EXERCISE DETAILS:
Find the line with "Lemma exp_serD N" in the entries below. Repeat it, every following line, and the line with "have : ('C(i, j))%:R", exactly and with nothing added.

[Saved data entries]

(* Let $r\geq 1$ and let $\mathbf a=(a_1,\ldots,a_r)$ be positive integers. Write the partial fraction decomposition $$\frac{1}{(1-z^{a_1})\cdots(1-z^{a_r})}=\sum_{\lambda}\sum_{\ell=1}^{m(\lambda)}\frac{c_{\lambda,\ell}}{(\lambda-z)^{\ell}},$$ where $\lambda$ ranges over the distinct roots of the denominator and $m(\lambda)$ is the multiplicity of $\lambda$ as a root. Then for $1\leq m\leq r$, $c_m:=c_{1,m}$ satisfies $$c_m = \frac{(-1)^{r-m}(m-1)!}{a_1\cdots a_r} \sum_{\ell=m}^r \frac{\left\{ {\ell \atop m}\right\}} {(\ell-1)!} \sum_{i_1+\cdots+i_r=r-\ell}\frac{B_{i_1}\cdots B_{i_r}}{i_1!\cdots i_r!}a_1^{i_1} \cdots a_r^{i_r},$$ where the inner sum runs over tuples of nonnegative integers $(i_1,\ldots,i_r)$.
   Context: $B_\ell$ are the Bernoulli numbers defined by $\frac{t}{e^t-1}=\sum_{\ell\geq0}B_\ell\frac{t^\ell}{\ell!}$. $\left\{ {\ell \atop m}\right\}$ denotes the Stirling number of the second kind. *)

From HB Require Import structures.
From mathcomp Require Import all_boot all_order all_algebra all_field.
Set Implicit Arguments. Unset Strict Implicit. Unset Printing Implicit Defensive.
Import Order.TTheory GRing.Theory Num.Theory.
Local Open Scope ring_scope.

Fixpoint stirling2 (n k : nat) : nat :=
  match n, k with
  | 0, 0 => 1
  | 0, _.+1 => 0
  | _.+1, 0 => 0
  | n'.+1, k'.+1 => k'.+1 * stirling2 n' k + stirling2 n' k'
  end.

(* Bernoulli numbers, defined by t/(e^t-1) = sum_l B_l t^l / l!.
   Since t/(e^t-1) is the multiplicative inverse of the formal power series
   (e^t-1)/t = sum_k t^k/(k+1)!, the coefficients b_l = B_l/l! are determined by
   the Cauchy-product identity  sum_{k=0}^n b_k / (n-k+1)! = [n == 0],
   i.e. b_0 = 1 and b_n = - sum_{k<n} b_k/(n-k+1)!  for n >= 1.
   bern_seq n lists B_0, ..., B_n. *)
Fixpoint bern_seq (n : nat) : seq algC :=
  match n with
  | 0 => [:: 1]
  | n'.+1 =>
      let s := bern_seq n' in
      rcons s (- (n`!)%:R *
               \sum_(k < n) (s`_k / (k`!)%:R / (((n - k).+1)`!)%:R))
  end.

Definition bernoulli (n : nat) : algC := (bern_seq n)`_n.

Definition denom_poly (r : nat) (a : 'I_r -> nat) : {poly algC} :=
  \prod_(j < r) (1 - 'X^(a j)).

(* Substituting z = e^(-t) turns the Laurent expansion of
   1/((1 - z^a_1) ... (1 - z^a_r)) at z = 1 into a Laurent series in t.
   Multiplying the partial fraction decomposition by the denominator shows that
   (1 - z)^r sum_l c_l/(1 - z)^l times prod_j (1 + z + ... + z^(a_j - 1)) is 1
   modulo (z - 1)^r.  After the substitution, with U = 1 - e^(-t) = t V, this says
   that (prod_j a_j) sum_l c_l t^(r-l) V^(-l) agrees modulo t^r with
   prod_j a_j t/(1 - e^(-a_j t)), the product of the Bernoulli generating
   functions sum_i B_i (-a_j t)^i/i!.  The coefficient c_m is then isolated by the
   residue pairing Res(U' U^(m-1) U^(-l)) = [l = m], and the coefficients of
   U' U^(m-1) = (U^m)'/m come from (e^t - 1)^m/m! = sum_n S(n, m) t^n/n!.
   Power series are handled as polynomials compared modulo a power of 'X. *)

From Stdlib Require Import Setoid Morphisms.
From HB Require Import structures.
From mathcomp Require Import all_boot all_order all_algebra all_field.
From mathcomp Require Import zify ring.
Set Implicit Arguments.
Unset Strict Implicit.
Unset Printing Implicit Defensive.
Import Order.TTheory GRing.Theory Num.Theory.
Local Open Scope ring_scope.

Section CongruenceModXn.

Variable R : nzRingType.
Implicit Types (p q : {poly R}) (N : nat).

Definition eqmodX N p q := forall i, (i < N)%N -> p`_i = q`_i.

Lemma eqmodX_equiv N : Equivalence (eqmodX N).
Proof.
split=> [p | p q pq i ltiN | p q s pq qs i ltiN] //.
- by rewrite pq.
- by rewrite pq ?qs.
Qed.

Lemma eq_eqmodX N p q : p = q -> eqmodX N p q.
Proof. by move->. Qed.

Lemma eqmodX_le M N p q : (M <= N)%N -> eqmodX N p q -> eqmodX M p q.
Proof. by move=> leMN pq i ltiM; rewrite pq // (leq_trans ltiM). Qed.

Lemma eqmodXD N : Proper (eqmodX N ==> eqmodX N ==> eqmodX N) +%R.
Proof. by move=> p p' pp' q q' qq' i ltiN; rewrite !coefD pp' ?qq'. Qed.

Lemma eqmodXN N : Proper (eqmodX N ==> eqmodX N) (@GRing.opp {poly R}).
Proof. by move=> p p' pp' i ltiN; rewrite !coefN pp'. Qed.

Lemma eqmodXM N : Proper (eqmodX N ==> eqmodX N ==> eqmodX N) *%R.
Proof.
move=> p p' pp' q q' qq' i ltiN; rewrite !coefM; apply: eq_bigr => j _.
by rewrite pp' ?qq' // (leq_ltn_trans _ ltiN) // ?leq_subr // -ltnS.
Qed.

Lemma eqmodXZ N : Proper (eq ==> eqmodX N ==> eqmodX N) (@GRing.scale R {poly R}).
Proof. by move=> c _ <- p p' pp' i ltiN; rewrite !coefZ pp'. Qed.

Lemma eqmodXMn N : Proper (eqmodX N ==> eq ==> eqmodX N) (@GRing.natmul {poly R}).
Proof. by move=> p p' pp' k _ <- i ltiN; rewrite !coefMn pp'. Qed.

Lemma eqmodXX N : Proper (eqmodX N ==> eq ==> eqmodX N) (@GRing.exp {poly R}).
Proof.
move=> p p' pp' k _ <-; elim: k => [|k IHk]; first by rewrite !expr0.
by rewrite !exprS; apply: eqmodXM.
Qed.

Lemma eqmodX_sum N I (s : seq I) (P : pred I) (F G : I -> {poly R}) :
  (forall i, P i -> eqmodX N (F i) (G i)) ->
  eqmodX N (\sum_(i <- s | P i) F i) (\sum_(i <- s | P i) G i).
Proof.
by move=> FG; elim/big_rec2: _ => [|i p q Pi pq]; [|apply: eqmodXD; [apply: FG|]].
Qed.

Lemma eqmodX_prod N I (s : seq I) (F G : I -> {poly R}) :
  (forall i, eqmodX N (F i) (G i)) ->
  eqmodX N (\prod_(i <- s) F i) (\prod_(i <- s) G i).
Proof. by move=> FG; elim/big_rec2: _ => [|i p q _ pq] //; apply: eqmodXM. Qed.

Lemma eqmodX_deriv N p q : eqmodX N.+1 p q -> eqmodX N p^`() q^`().
Proof. by move=> pq i ltiN; rewrite !coef_deriv pq. Qed.

Lemma eqmodX_mulXK N p q : eqmodX N.+1 ('X * p) ('X * q) -> eqmodX N p q.
Proof. by move=> pq i ltiN; have := pq i.+1 ltiN; rewrite !coefXM. Qed.

Lemma eqmodX0M M N p q :
  eqmodX M p 0 -> eqmodX N q 0 -> eqmodX (M + N) (p * q) 0.
Proof.
move=> p0 q0 i ltiMN; rewrite coef0 coefM big1 // => j _.
have [ltjM | lejM] := ltnP j M; first by rewrite p0 // coef0 mul0r.
by rewrite q0 ?coef0 ?mulr0 //; have := ltn_ord j; lia.
Qed.

Lemma eqmodX0X N q : eqmodX 1 q 0 -> eqmodX N (q ^+ N) 0.
Proof.
move=> q0; elim: N => [|N IHN]; first by move=> i.
by rewrite exprS -add1n; apply: eqmodX0M.
Qed.

End CongruenceModXn.

#[global] Existing Instance eqmodX_equiv.
#[global] Existing Instances eqmodXD eqmodXN eqmodXM eqmodXZ eqmodXMn eqmodXX.

Definition inv_ser (R : nzRingType) N (p : {poly R}) : {poly R} := \sum_(k < N) (1 - p) ^+ k.

Lemma mul_inv_ser (R : nzRingType) N (p : {poly R}) :
  p`_0 = 1 -> eqmodX N (p * inv_ser N p) 1.
Proof.
move=> p0; have q0 : eqmodX 1 (1 - p) 0 by case=> // _; rewrite coefB coef1 p0 subrr coef0.
have -> : p * inv_ser N p = - (1 - p - 1) * inv_ser N p by rewrite addrAC subrr add0r opprK.
by rewrite mulNr -subrX1 opprB (eqmodX0X q0) subr0.
Qed.

Section ExponentialSeries.

Variable R : numFieldType.
Implicit Types (x y : R) (N : nat).

Lemma natr_fact_neq0 n : (n`!)%:R != 0 :> R.
Proof. by rewrite pnatr_eq0 -lt0n fact_gt0. Qed.

(* [exp_ser N x] and [expm1_ser N x] are e^(xt) and (e^(xt) - 1)/(xt) truncated at degree N. *)
Definition exp_ser N x : {poly R} := \poly_(k < N) (x ^+ k / (k`!)%:R).
Definition expm1_ser N x : {poly R} := \poly_(k < N) (x ^+ k / (k.+1`!)%:R).

Lemma exp_serD N x y : eqmodX N (exp_ser N x * exp_ser N y) (exp_ser N (x + y)).
Proof.
move=> i ltiN; rewrite coefM coef_poly ltiN addrC exprDn mulr_suml.
apply: eq_bigr => -[j /= ltji] _; rewrite ltnS in ltji.
rewrite !coef_poly (leq_ltn_trans ltji ltiN) (leq_ltn_trans (leq_subr j i) ltiN).
have fact_bin : (i`!)%:R = ('C(i, j) * (j`! * (i - j)`!))%:R :> R by rewrite bin_fact.
rewrite -mulr_natr fact_bin !natrM.
have := natr_fact_neq0 j; have := natr_fact_neq0 (i - j).
have : ('C(i, j))%:R != 0 :> R by rewrite pnatr_eq0 -lt0n bin_gt0.
by move=> *; field; apply/and3P.
Qed.

Lemma exp_ser0 N : eqmodX N (exp_ser N 0) 1.
Proof.
move=> i ltiN; rewrite coef_poly ltiN coef1.
by case: i {ltiN} => [|i]; rewrite ?expr0 ?divr1 // expr0n mul0r.
Qed.

Lemma exp_serMn N x k : eqmodX N (exp_ser N x ^+ k) (exp_ser N (x *+ k)).
Proof.
elim: k => [|k IHk]; first by rewrite expr0 mulr0n exp_ser0.
by rewrite exprS IHk exp_serD -mulrS.
Qed.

SOLUTION TO THE EXERCISE:
Lemma exp_serD N x y : eqmodX N (exp_ser N x * exp_ser N y) (exp_ser N (x + y)).
Proof.
move=> i ltiN; rewrite coefM coef_poly ltiN addrC exprDn mulr_suml.
apply: eq_bigr => -[j /= ltji] _; rewrite ltnS in ltji.
rewrite !coef_poly (leq_ltn_trans ltji ltiN) (leq_ltn_trans (leq_subr j i) ltiN).
have fact_bin : (i`!)%:R = ('C(i, j) * (j`! * (i - j)`!))%:R :> R by rewrite bin_fact.
rewrite -mulr_natr fact_bin !natrM.
have := natr_fact_neq0 j; have := natr_fact_neq0 (i - j).
have : ('C(i, j))%:R != 0 :> R by rewrite pnatr_eq0 -lt0n bin_gt0.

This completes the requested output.